Deterministic Differentiable Structured Pruning for Large Language Models
Weiyu Huang, Pengle Zhang, Xiaolu Zhang, Jun Zhou, Jun Zhu, Jianfei Chen

TL;DR
This paper introduces Deterministic Differentiable Pruning (DDP), a novel method for structured pruning of large language models that improves efficiency and reduces train-test mismatch by directly optimizing a deterministic surrogate of the l0 norm.
Contribution
The paper proposes DDP, a deterministic mask optimization approach for structured pruning, outperforming stochastic methods in efficiency and accuracy on large language models.
Findings
Achieves as low as 1% performance loss at 20% sparsity.
Outperforms previous methods in structured pruning.
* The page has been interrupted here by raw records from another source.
(* Let $\tau^+\colon\underline{\mathscr{C}}\to\underline{\mathscr{C}}^+$ be a left adjoint of the inclusion functor $\underline{\mathscr{C}}^+\hookrightarrow\underline{\mathscr{C}}$. For $C\in\mathscr{C}$, let $Z_C$ be obtained as follows: choose a distinguished triangle $V\to U\overset{a}{\to}C\to V[1]$ with $U\in\mathcal{U},V\in\mathcal{V}$; choose a distinguished triangle $T[-1]\to S[-1]\overset{b}{\to}U\to T$ with $S\in\mathcal{S},T\in\mathcal{T}$; and choose a distinguished triangle $S[-1]\overset{a\circ b}{\to}C\overset{z_C}{\to}Z_C\to S$. Then the following are equivalent: (1) $\tau^+(C)=0$; (2) $Z_C\in\mathcal{W}$; (3) $C\in\mathcal{U}$.
   Context: $\mathscr{C}$ is a triangulated category with shift $[1]$; subcategories are full, additive, closed under isomorphisms and direct summands. $\mathrm{Ext}^1(X,Y)=\mathscr{C}(X,Y[1])$. $\mathcal{M}\ast\mathcal{N}$ is the full subcategory of objects $C$ admitting a distinguished triangle $M\to C\to N\to M[1]$ with $M\in\mathcal{M}$, $N\in\mathcal{N}$. A cotorsion pair $(\mathcal{U},\mathcal{V})$: $\mathrm{Ext}^1(\mathcal{U},\mathcal{V})=0$ and $\mathscr{C}=\mathcal{U}\ast\mathcal{V}[1]$. Fix a twin cotorsion pair, i.e. cotorsion pairs $(\mathcal{S},\mathcal{T}),(\mathcal{U},\mathcal{V})$ with $\mathrm{Ext}^1(\mathcal{S},\mathcal{V})=0$. Put $\mathcal{W}=\mathcal{T}\cap\mathcal{U}$, $\mathscr{C}^+=\mathcal{W}\ast\mathcal{V}[1]$. $\underline{\mathscr{C}}$ and $\underline{\mathscr{C}}^+$ are the ideal quotients of $\mathscr{C}$ and $\mathscr{C}^+$ by morphisms factoring through objects of $\mathcal{W}$ (such a left adjoint $\tau^+$ exists). *)

From HB Require Import structures.
From mathcomp Require Import all_boot all_algebra.
Set Implicit Arguments. Unset Strict Implicit. Unset Printing Implicit Defensive.
Import GRing.Theory.
Local Open Scope ring_scope.

(** * Preadditive categories: Hom-sets are abelian groups, composition is
    bilinear.  [mcomp g f] is "g after f". *)
Record PreAdd := PreAddMk {
  obj : Type;
  mor : obj -> obj -> zmodType;
  idm : forall X, mor X X;
  mcomp : forall X Y Z, mor Y Z -> mor X Y -> mor X Z;
  compA : forall X Y Z W (h : mor Z W) (g : mor Y Z) (f : mor X Y),
      mcomp h (mcomp g f) = mcomp (mcomp h g) f;
  mcomp1m : forall X Y (f : mor X Y), mcomp (idm Y) f = f;
  mcompm1 : forall X Y (f : mor X Y), mcomp f (idm X) = f;
  compDl : forall X Y Z (g1 g2 : mor Y Z) (f : mor X Y),
      mcomp (g1 + g2) f = mcomp g1 f + mcomp g2 f;
  compDr : forall X Y Z (g : mor Y Z) (f1 f2 : mor X Y),
      mcomp g (f1 + f2) = mcomp g f1 + mcomp g f2
}.
Arguments obj : clear implicits.
Arguments mor {p} X Y.
Arguments idm {p} X.
Arguments mcomp {p X Y Z} g f.

Section Basic.
Variable C : PreAdd.

Definition is_iso (X Y : obj C) (f : mor X Y) : Prop :=
  exists g : mor Y X, mcomp g f = idm X /\ mcomp f g = idm Y.

Definition isomorphic (X Y : obj C) : Prop := exists f : mor X Y, is_iso f.

Definition is_zero_obj (Z : obj C) : Prop := idm Z = 0.

Definition is_biproduct (X Y P : obj C) (i1 : mor X P) (i2 : mor Y P)
    (p1 : mor P X) (p2 : mor P Y) : Prop :=
  [/\ mcomp p1 i1 = idm X, mcomp p2 i2 = idm Y, mcomp p2 i1 = 0, mcomp p1 i2 = 0
    & mcomp i1 p1 + mcomp i2 p2 = idm P].

Definition additive_cat : Prop :=
  (exists Z, is_zero_obj Z) /\
  (forall X Y, exists P (i1 : mor X P) (i2 : mor Y P) (p1 : mor P X) (p2 : mor P Y),
      is_biproduct i1 i2 p1 p2).

Definition subcat (P : obj C -> Prop) : Prop :=
  [/\ forall X Y, isomorphic X Y -> P X -> P Y,
      exists Z, is_zero_obj Z /\ P Z,
      forall X Y B (i1 : mor X B) (i2 : mor Y B) (p1 : mor B X) (p2 : mor B Y),
        is_biproduct i1 i2 p1 p2 -> P X -> P Y -> P B
    & forall X Y B (i1 : mor X B) (i2 : mor Y B) (p1 : mor B X) (p2 : mor B Y),
        is_biproduct i1 i2 p1 p2 -> P B -> P X].

Definition factors_through (W : obj C -> Prop) (X Y : obj C) (f : mor X Y) : Prop :=
  exists M, W M /\ exists (u : mor X M) (v : mor M Y), f = mcomp v u.

(** Equality of morphisms in the ideal quotient by [W]. *)
Definition quot_eq (W : obj C -> Prop) (X Y : obj C) (f g : mor X Y) : Prop :=
  factors_through W (f - g).

End Basic.

Record TriData (C : PreAdd) := TriDataMk {
  sh : obj C -> obj C;
  shm : forall X Y : obj C, mor X Y -> mor (sh X) (sh Y);
  dist : forall X Y Z : obj C, mor X Y -> mor Y Z -> mor Z (sh X) -> Prop
}.
Arguments sh {C} t X.
Arguments shm {C} t {X Y} f.
Arguments dist {C} t {X Y Z} f g h.

Record triangulated (C : PreAdd) (D : TriData C) : Prop := {
  shm_id : forall X, shm D (idm X) = idm (sh D X);
  shm_comp : forall X Y Z (g : mor Y Z) (f : mor X Y),
      shm D (mcomp g f) = mcomp (shm D g) (shm D f);
  shm_add : forall X Y (f g : mor X Y), shm D (f + g) = shm D f + shm D g;
  shm_bij : forall X Y : obj C, bijective (@shm C D X Y);
  sh_esurj : forall Y : obj C, exists X, isomorphic (sh D X) Y;
  dist_iso : forall X Y Z X' Y' Z' (f : mor X Y) (g : mor Y Z) (h : mor Z (sh D X))
      (f' : mor X' Y') (g' : mor Y' Z') (h' : mor Z' (sh D X'))
      (u : mor X X') (v : mor Y Y') (w : mor Z Z'),
      is_iso u -> is_iso v -> is_iso w ->
      mcomp v f = mcomp f' u -> mcomp w g = mcomp g' v ->
      mcomp (shm D u) h = mcomp h' w ->
      dist D f g h -> dist D f' g' h';
  dist_id : forall X Z, is_zero_obj Z ->
      dist D (idm X) (0 : mor X Z) (0 : mor Z (sh D X));
  dist_ext : forall X Y (f : mor X Y),
      exists Z (g : mor Y Z) (h : mor Z (sh D X)), dist D f g h;
  dist_rot : forall X Y Z (f : mor X Y) (g : mor Y Z) (h : mor Z (sh D X)),
      dist D f g h <-> dist D g h (- shm D f);
  dist_morph : forall X Y Z X' Y' Z' (f : mor X Y) (g : mor Y Z) (h : mor Z (sh D X))
      (f' : mor X' Y') (g' : mor Y' Z') (h' : mor Z' (sh D X'))
      (u : mor X X') (v : mor Y Y'),
      dist D f g h -> dist D f' g' h' -> mcomp v f = mcomp f' u ->
      exists w : mor Z Z', mcomp w g = mcomp g' v /\ mcomp (shm D u) h = mcomp h' w;
  dist_oct : forall X Y Z Z' X' Y' (f : mor X Y) (g : mor Y Z)
      (i : mor Y Z') (i' : mor Z' (sh D X))
      (j : mor Z X') (j' : mor X' (sh D Y))
      (k : mor Z Y') (k' : mor Y' (sh D X)),
      dist D f i i' -> dist D g j j' -> dist D (mcomp g f) k k' ->
      exists (r : mor Z' Y') (s : mor Y' X'),
        [/\ dist D r s (mcomp (shm D i) j'),
            mcomp r i = mcomp k g, mcomp k' r = i',
            mcomp s k = j & mcomp j' s = mcomp (shm D f) k']
}.

Section Cotorsion.
Variables (C : PreAdd) (D : TriData C).

Definition Ext1_zero (P Q : obj C -> Prop) : Prop :=
  forall X Y, P X -> Q Y -> forall f : mor X (sh D Y), f = 0.

Definition shift_class (Q : obj C -> Prop) (X : obj C) : Prop :=
  exists Y, Q Y /\ isomorphic (sh D Y) X.

Definition star (P Q : obj C -> Prop) (X : obj C) : Prop :=
  exists M N (f : mor M X) (g : mor X N) (h : mor N (sh D M)),
    [/\ P M, Q N & dist D f g h].

Definition cotorsion_pair (P Q : obj C -> Prop) : Prop :=
  Ext1_zero P Q /\ forall X, star P (shift_class Q) X.

Definition twin_cotorsion_pair (S T U V : obj C -> Prop) : Prop :=
  [/\ cotorsion_pair S T, cotorsion_pair U V & Ext1_zero S V].

Definition Wcore (T U : obj C -> Prop) (X : obj C) : Prop := T X /\ U X.

Definition Cplus (T U V : obj C -> Prop) : obj C -> Prop :=
  star (Wcore T U) (shift_class V).

End Cotorsion.

(** [tau] (on objects) with unit [eta] is a left adjoint of the inclusion of
    the ideal quotient [Cp / W] into [C / W], expressed by universal arrows:
    for every X, [eta X : X -> tau X] is universal (in the quotient by W)
    among morphisms from X into objects of [Cp]. *)
Definition left_adjoint_incl (C : PreAdd) (W Cp : obj C -> Prop)
    (tau : obj C -> obj C) (eta : forall X : obj C, mor X (tau X)) : Prop :=
  forall X, Cp (tau X) /\
    forall Y, Cp Y ->
      (forall g : mor X Y, exists f : mor (tau X) Y, quot_eq W (mcomp f (eta X)) g) /\
      (forall f1 f2 : mor (tau X) Y,
          quot_eq W (mcomp f1 (eta X)) (mcomp f2 (eta X)) -> quot_eq W f1 f2).
Arguments left_adjoint_incl {C} W Cp tau eta.

From Pilot Require Import Defs.
From mathcomp Require Import all_boot all_algebra.
Local Open Scope ring_scope.
Set Implicit Arguments. Unset Strict Implicit. Unset Printing Implicit Defensive.
Import GRing.Theory.

(* Write W = T ∩ U.  The octahedral axiom applied to S[-1] -> U -> C gives a
   triangle T -> Z_C -> V[1] -> T[1]; here T lies in U because
   Hom(T, V[1]) = 0 by Ext^1(U,V) = Ext^1(S,V) = 0, so Z_C lies in C^+.
   Since Ext^1(S,T) = Ext^1(U,V) = 0, the morphism a∘b is killed by every
   morphism from C into C^+, so z_C is a weak universal arrow from C into C^+,
   hence also a unit of the adjunction modulo W: τ^+(C) = 0 in the quotient
   iff z_C factors through W iff Z_C lies in W.  Finally C lies in U iff
   Hom(C, V[1]) = 0; this vanishing holds when Z_C lies in U, and it splits
   the triangle T -> Z_C -> V[1], making Z_C a summand of T, when C lies in U. *)

Section PreAdditive.
Variable C : PreAdd.

Lemma comp0m (X Y Z : obj C) (f : mor X Y) : mcomp (0 : mor Y Z) f = 0.
Proof.
have H := compDl (0 : mor Y Z) 0 f; rewrite addr0 in H.
by apply/eqP; rewrite -(addrI _ (etrans (addr0 _) H)).
Qed.

Lemma compm0 (X Y Z : obj C) (g : mor Y Z) : mcomp g (0 : mor X Y) = 0.
Proof.
have H := compDr g (0 : mor X Y) 0; rewrite addr0 in H.
by apply/eqP; rewrite -(addrI _ (etrans (addr0 _) H)).
Qed.

Lemma compNl (X Y Z : obj C) (g : mor Y Z) (f : mor X Y) :
  mcomp (- g) f = - mcomp g f.
Proof.
have H := compDl g (- g) f; rewrite subrr comp0m in H.
by apply/eqP; rewrite -addr_eq0 addrC -H.
Qed.

Lemma compNr (X Y Z : obj C) (g : mor Y Z) (f : mor X Y) :
  mcomp g (- f) = - mcomp g f.
Proof.
have H := compDr g f (- f); rewrite subrr compm0 in H.
by apply/eqP; rewrite -addr_eq0 addrC -H.
Qed.

Lemma compBl (X Y Z : obj C) (g1 g2 : mor Y Z) (f : mor X Y) :
  mcomp (g1 - g2) f = mcomp g1 f - mcomp g2 f.
Proof. by rewrite compDl compNl. Qed.

Lemma compBr (X Y Z : obj C) (g : mor Y Z) (f1 f2 : mor X Y) :
  mcomp g (f1 - f2) = mcomp g f1 - mcomp g f2.
Proof. by rewrite compDr compNr. Qed.

Lemma isomorphic_hom_eq0 (X M N : obj C) (g : mor X N) :
  isomorphic M N -> (forall f : mor X M, f = 0) -> g = 0.
Proof.
case=> p [q [_ Hpq]] H.
by rewrite -(mcomp1m g) -Hpq -Defs.compA (H (mcomp q g)) compm0.
Qed.

Section FactorsThrough.
Variable W : obj C -> Prop.

Lemma factors_through_compl (X Y Z : obj C) (g : mor Y Z) (f : mor X Y) :
  factors_through W f -> factors_through W (mcomp g f).
Proof.
case=> M [WM [u [v ->]]]; exists M; split=> //.
by exists u, (mcomp g v); rewrite Defs.compA.
Qed.

Lemma factors_through_compr (X Y Z : obj C) (g : mor Y Z) (f : mor X Y) :
  factors_through W g -> factors_through W (mcomp g f).
Proof.
case=> M [WM [u [v ->]]]; exists M; split=> //.
by exists (mcomp u f), v; rewrite Defs.compA.
Qed.

Lemma factors_throughN (X Y : obj C) (f : mor X Y) :
  factors_through W f -> factors_through W (- f).
Proof. by move=> Hf; rewrite -(mcomp1m f) -compNl; apply: factors_through_compl. Qed.

Hypothesis HC : additive_cat C.
Hypothesis W_biproduct :
  forall X Y B (i1 : mor X B) (i2 : mor Y B) (p1 : mor B X) (p2 : mor B Y),
    is_biproduct i1 i2 p1 p2 -> W X -> W Y -> W B.

Lemma factors_throughD (X Y : obj C) (f1 f2 : mor X Y) :
  factors_through W f1 -> factors_through W f2 -> factors_through W (f1 + f2).
Proof.
case=> M1 [W1 [u1 [v1 ->]]]; case=> M2 [W2 [u2 [v2 ->]]].
case: HC => _ /(_ M1 M2) [P [i1 [i2 [p1 [p2 Hb]]]]].
exists P; split; first exact: W_biproduct Hb W1 W2.
exists (mcomp i1 u1 + mcomp i2 u2), (mcomp v1 p1 + mcomp v2 p2).
case: Hb => E1 E2 E3 E4 _.
rewrite compDl !compDr -!Defs.compA !(Defs.compA p1) !(Defs.compA p2) E1 E2 E3 E4.
by rewrite !comp0m !compm0 addr0 add0r !mcomp1m.
Qed.

Lemma factors_throughB (X Y : obj C) (f1 f2 : mor X Y) :
  factors_through W f1 -> factors_through W f2 -> factors_through W (f1 - f2).
Proof. by move=> H1 /factors_throughN; apply: factors_throughD. Qed.

End FactorsThrough.

Lemma Wcore_biproduct (T U : obj C -> Prop) (HT : subcat T) (HU : subcat U)
    X Y B (i1 : mor X B) (i2 : mor Y B) (p1 : mor B X) (p2 : mor B Y) :
  is_biproduct i1 i2 p1 p2 -> Wcore T U X -> Wcore T U Y -> Wcore T U B.
Proof.
move=> Hb [TX UX] [TY UY]; case: HT => _ _ HT _; case: HU => _ _ HU _.
by split; [exact: HT Hb TX TY | exact: HU Hb UX UY].
Qed.

End PreAdditive.

Section Triangulated.
Variables (C : PreAdd) (D : TriData C).
Hypotheses (HC : additive_cat C) (HD : triangulated D).

Lemma shm0 (X Y : obj C) : shm D (0 : mor X Y) = 0.
Proof.
have H := shm_add HD (0 : mor X Y) 0; rewrite addr0 in H.
by apply/eqP; rewrite -(addrI _ (etrans (addr0 _) H)).
Qed.

Lemma shm_inj (X Y : obj C) (f g : mor X Y) : shm D f = shm D g -> f = g.
Proof. by case: (shm_bij HD X Y) => h hK _ E; rewrite -(hK f) E hK. Qed.

Lemma shm_surj (X Y : obj C) (w : mor (sh D X) (sh D Y)) : exists f, w = shm D f.
Proof. by case: (shm_bij HD X Y) => h _ Kh; exists (h w); rewrite Kh. Qed.

Lemma shm_eq0 (X Y : obj C) (f : mor X Y) : shm D f = 0 -> f = 0.
Proof. by rewrite -(shm0 X Y); apply: shm_inj. Qed.

Lemma zero_obj_sh (Z : obj C) : is_zero_obj Z -> is_zero_obj (sh D Z).
Proof. by rewrite /is_zero_obj => HZ; rewrite -(shm_id HD) HZ shm0. Qed.

Lemma dist_comp0 (X Y Z : obj C) (f : mor X Y) (g : mor Y Z) (h : mor Z (sh D X)) :
  dist D f g h -> mcomp g f = 0.
Proof.
move=> Hf; case: HC => [[Z0 HZ0] _].
have [w [Hw _]] := dist_morph HD (dist_id HD X HZ0) Hf (erefl (mcomp f (idm X))).
by rewrite -Hw compm0.
Qed.

Lemma dist_weak_coker (X Y Z : obj C) (f : mor X Y) (g : mor Y Z) (h : mor Z (sh D X)) :
  dist D f g h -> forall W (k : mor Y W), mcomp k f = 0 -> exists k', k = mcomp k' g.
Proof.
move=> Hf W k Hk; case: HC => [[Z0 HZ0] _].
have H1 : dist D (0 : mor Z0 W) (idm W) (0 : mor W (sh D Z0)).
  by apply/(dist_rot HD); rewrite shm0 oppr0; apply: (dist_id HD); apply: zero_obj_sh.
have [w [Hw _]] := dist_morph HD (u := 0) Hf H1 (etrans Hk (esym (compm0 _ _))).
by exists w; rewrite Hw mcomp1m.
Qed.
Demonstrates end-to-end inference speedups in deployment.
Abstract
Structured pruning reduces LLM inference cost by removing low-importance architectural components. This can be viewed as learning a multiplicative gate for each component under an l0 sparsity constraint. Due to the discreteness of the l0 norm, prior work typically adopts stochastic hard-concrete relaxations to enable differentiable optimization; however, this stochasticity can introduce a train--test mismatch when sampled masks are discretized for deployment and restricts masks to a bounded, near-binary range. To address this, we propose Deterministic Differentiable Pruning (DDP), a mask-only optimization method that eliminates stochasticity by directly optimizing a deterministic soft surrogate of the discrete l0 objective. Compared with prior approaches, DDP offers greater expressiveness, reduced train--test mismatch, and faster convergence. We apply our method to several dense and MoE…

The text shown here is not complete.